— Не могу объяснить… так было один раз, когда обидели маленького Симона… Нас с ним поместили в одну семью, — продолжала Викки; губы у нее дрожали. — В той семье был большой мальчик, их настоящий сын… Он обижал Симона, часто издевался над ним. Все это знали, я говорила с социальной службой, но никому дела не было.
— И что произошло?
— Как-то я зашла на кухню… Тот парень сунул маленькие ручки Симона в кипяток, и мамаша там была, смотрела на них, такая довольная.
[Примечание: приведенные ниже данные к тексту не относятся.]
(* root of the component of x in (V,ec) in phase i; ep is the graph of the
   previous phase and prv x the root used in that phase for the component
   from which x's component arose; closeness is measured in (V,ep). *)
Definition new_root (tb : tiebreak) (i : nat) (ep : rel V) (prv : V -> V)
    (ec : rel V) x : V :=
  let C := comp ec x in
  let r := prv x in
  tb i C r [set y in C | [forall z in C, gdist ep r y <= gdist ep r z]].

(* edges cut in phase 1/2; the samples (k1,k2) of a component are indexed
   by its root *)
Definition phase_cut (R : nat) (root : V -> V) (ec : rel V)
    (s : V -> nat * nat) : rel V :=
  fun x y => let r := root x in
    cut_edge (gdist ec r)
      (fun l => (l %% R == (s r).1 %% R) || (l %% R == ((s r).1 + (s r).2) %% R))
      x y.

Definition TC_output e (R : nat) (r0 : V) (tb : tiebreak) (k : nat)
    (s1 s2 : V -> nat * nat) : rel V :=
  let e1 := phase0 e R r0 k in
  let rt1 := new_root tb 1 e (fun _ => r0) e1 in
  let e2 := remove_edges e1 (phase_cut R rt1 e1 s1) in
  let rt2 := new_root tb 2 e1 rt1 e2 in
  remove_edges e2 (phase_cut R rt2 e2 s2).

Definition TC_separates e R r0 tb k s1 s2 (u v : V) : bool :=
  ~~ connect (TC_output e R r0 tb k s1 s2) u v.

End Graph.

Section Prob.
Local Open Scope ring_scope.
Variable rT : realType.

(* P(ceil kappa = j) for kappa with density eps kappa^(eps-1)/R^eps on (0,R] *)
Definition k2_weight (R : nat) (eps : rT) (j : nat) : rT :=
  (j%:R / R%:R) `^ eps - ((j.-1)%:R / R%:R) `^ eps.

(* a sample (a,b) : 'I_R * 'I_R encodes k1 = a, k2 = b+1 *)
Definition sample_weight (R : nat) (eps : rT) (ab : 'I_R * 'I_R) : rT :=
  R%:R^-1 * k2_weight R eps (ab.2).+1.
Definition decode (V : finType) (R : nat) (f : {ffun V -> 'I_R * 'I_R})
  : V -> nat * nat := fun x => (nat_of_ord (f x).1, (nat_of_ord (f x).2).+1).

(* Probability that TC separates u and v: k uniform, and one independent
   sample (k1,k2) per potential root vertex for each of phases 1 and 2. *)
Definition TC_sep_prob (V : finType) (e : rel V) (R : nat) (eps : rT) (r0 : V)
    (tb : tiebreak V) (u v : V) : rT :=
  \sum_(k : 'I_R) \sum_(f1 : {ffun V -> 'I_R * 'I_R})
    \sum_(f2 : {ffun V -> 'I_R * 'I_R})
    (R%:R^-1 * (\prod_(x : V) sample_weight eps (f1 x))
             * (\prod_(x : V) sample_weight eps (f2 x)))
    * (TC_separates e R r0 tb k (decode f1) (decode f2) u v)%:R.
End Prob.

From HB Require Import structures.
From mathcomp Require Import all_boot all_order all_algebra perm.
From mathcomp Require Import reals exp lra.
Set Implicit Arguments. Unset Strict Implicit. Unset Printing Implicit Defensive.
Import Order.TTheory GRing.Theory Num.Theory.
Local Open Scope ring_scope.

(** An edge [xy] can only be cut in a phase where the level of [x] or of [y]
    is a cut level.  The cut levels are the residue class of [k] modulo [R]
    in phase 0 and the classes of [k1] and [k1 + k2] in phases 1 and 2,
    where [k] and [k1] are uniform and independent of the levels they are
    compared with; so a given level is a cut level with probability at most
    [1/R] per class, and an edge is cut with probability at most [10/R].
    Separation is subadditive along a shortest [u]-[v] path. *)

Section Indicators.
Context {rT : numDomainType}.
Implicit Types a b : bool.

Lemma ler_nat_implyb a b : (a -> b) -> (a : nat)%:R <= (b : nat)%:R :> rT.
Proof. by case: a => [/(_ isT) -> //|_]; apply: ler0n. Qed.

Lemma natr_orb_le {a b} : ((a || b) : nat)%:R <= (a : nat)%:R + (b : nat)%:R :> rT.
Proof. by case: a; case: b; rewrite /= ?addr0 ?add0r // -natrD ler_nat. Qed.

Lemma natr_andb_le {a b} : ((a && b) : nat)%:R <= (b : nat)%:R :> rT.
Proof. by case: a; case: b. Qed.

Lemma natr_cut_edge_le (V : finType) (lv : V -> nat) (P : pred nat) x y :
  (cut_edge lv P x y : nat)%:R <= (P (lv x) : nat)%:R + (P (lv y) : nat)%:R :> rT.
Proof. by apply: le_trans natr_orb_le _; apply: lerD; apply: natr_andb_le. Qed.

End Indicators.

Section WeightedAverage.
Variables (rT : numDomainType) (T : finType).
Implicit Types (w X Y : T -> rT) (c : rT).

Definition wavg w X : rT := \sum_t w t * X t.

Lemma eq_wavg w X Y : (forall t, X t = Y t) -> wavg w X = wavg w Y.
Proof. by move=> eXY; apply: eq_bigr => t _; rewrite eXY. Qed.

Lemma ler_wavg w X Y :
  (forall t, 0 <= w t) -> (forall t, X t <= Y t) -> wavg w X <= wavg w Y.
Proof. by move=> w_ge0 leXY; apply: ler_sum => t _; rewrite ler_wpM2l. Qed.

Lemma wavgD w X Y : wavg w (fun t => X t + Y t) = wavg w X + wavg w Y.
Proof. by rewrite /wavg -big_split; apply: eq_bigr => t _; rewrite mulrDr. Qed.

Lemma wavg_cst w c : \sum_t w t = 1 -> wavg w (fun _ => c) = c.
Proof. by move=> w1; rewrite /wavg -mulr_suml w1 mul1r. Qed.

Lemma wavg_le_cst w X c : (forall t, 0 <= w t) -> \sum_t w t = 1 ->
  (forall t, X t <= c) -> wavg w X <= c.
Proof. by move=> w_ge0 w1 leXc; rewrite -(wavg_cst c w1); apply: ler_wavg. Qed.

End WeightedAverage.

(** The product weight on [{ffun V -> T}] models independent samples, one
    per vertex. *)
Section ProductWeight.
Variables (rT : numDomainType) (V T : finType) (w : T -> rT).
Hypothesis w1 : \sum_t w t = 1.

Definition ffun_weight (f : {ffun V -> T}) : rT := \prod_x w (f x).

Lemma sum_ffun_weight : \sum_f ffun_weight f = 1.
Proof.
rewrite /ffun_weight -(bigA_distr_bigA (fun (x : V) t => w t)) /=.
by rewrite big1.
Qed.

Lemma wavg_ffun_marginal (r : V) (h : T -> rT) :
  wavg ffun_weight (fun f => h (f r)) = wavg w h.
Proof.
rewrite /wavg.
pose G x t := if x == r then w t * h t else w t.
transitivity (\sum_(f : {ffun V -> T}) \prod_x G x (f x)).
  apply: eq_bigr => f _; rewrite /ffun_weight (bigD1 r) // [RHS](bigD1 r) //=.
  rewrite /G eqxx mulrAC; congr (_ * _).
  by apply: eq_bigr => x /negbTE ->.
rewrite -(bigA_distr_bigA G) (bigD1 r) //= [X in _ * X]big1 ?mulr1.
  by apply: eq_bigr => t _; rewrite /G eqxx.
by move=> x /negbTE xr; rewrite -w1; apply: eq_bigr => t _; rewrite /G xr.
Qed.

End ProductWeight.

Section Balls.
Variables (V : finType) (e : rel V).

Lemma path_last_ball x p : path e x p -> last x p \in ball e x (size p).
Proof.
elim/last_ind: p => [|p z IH]; first by rewrite inE.
rewrite rcons_path last_rcons size_rcons => /andP [/IH xp ez].
rewrite /ball iterS inE; apply/orP; right.
by rewrite inE; apply/existsP; exists (last x p); rewrite xp.
Qed.

Lemma connect_gdist_ball x y : connect e x y -> y \in ball e x (gdist e x y).
Proof.
move=> /connectP [p xp ->]; case/shortenP: xp => p' xp' up' _.
have size_p' : (size p' < #|V|)%N.
  by move: (card_uniqP up') => /= <-; apply: max_card.
have hit : has (fun n => last x p' \in ball e x n) (iota 0 #|V|).
  by apply/hasP; exists (size p'); rewrite ?mem_iota ?path_last_ball.
have := hit; rewrite has_find size_iota => find_lt.
by have := nth_find 0 hit; rewrite nth_iota ?add0n.
Qed.

End Balls.

Lemma remove_edges3_cut (V : finType) (e c0 c1 c2 : rel V) x y : e x y ->
  ~~ connect (remove_edges (remove_edges (remove_edges e c0) c1) c2) x y ->
  [|| c0 x y, c1 x y | c2 x y].
Proof.
move=> exy; apply: contraR; rewrite !negb_or => /and3P [nc0 nc1 nc2].
by rewrite connect1 // /remove_edges exy nc0 nc1 nc2.
Qed.

Section Separation.
Variables (rT : realType) (R : nat) (eps : rT).
Hypotheses (R_gt0 : (0 < R)%N) (eps_gt0 : 0 < eps).

Let R_neq0 : R%:R != 0 :> rT.
Proof. by rewrite pnatr_eq0 -lt0n. Qed.

Lemma k2_weight_ge0 j : 0 <= k2_weight R eps j.+1.
Proof.
rewrite /k2_weight subr_ge0 (ge0_ler_powR (ltW eps_gt0)) ?nnegrE ?divr_ge0 //.
by rewrite ler_pM2r ?ler_nat // invr_gt0 ltr0n.
Qed.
Я все видела, у меня стало странное состояние… Я накинулась на эту мамашу с сынком и порезала им лица разбитой бутылкой…
Викки вдруг дернула ремни, напряглась всем телом, но, тяжело дыша, затихла, когда постучали в дверь.
В палату вошел седой мужчина в темно-синем костюме.
— Юханнес Грюневальд — это я, — представился мужчина и пожал руку Саге.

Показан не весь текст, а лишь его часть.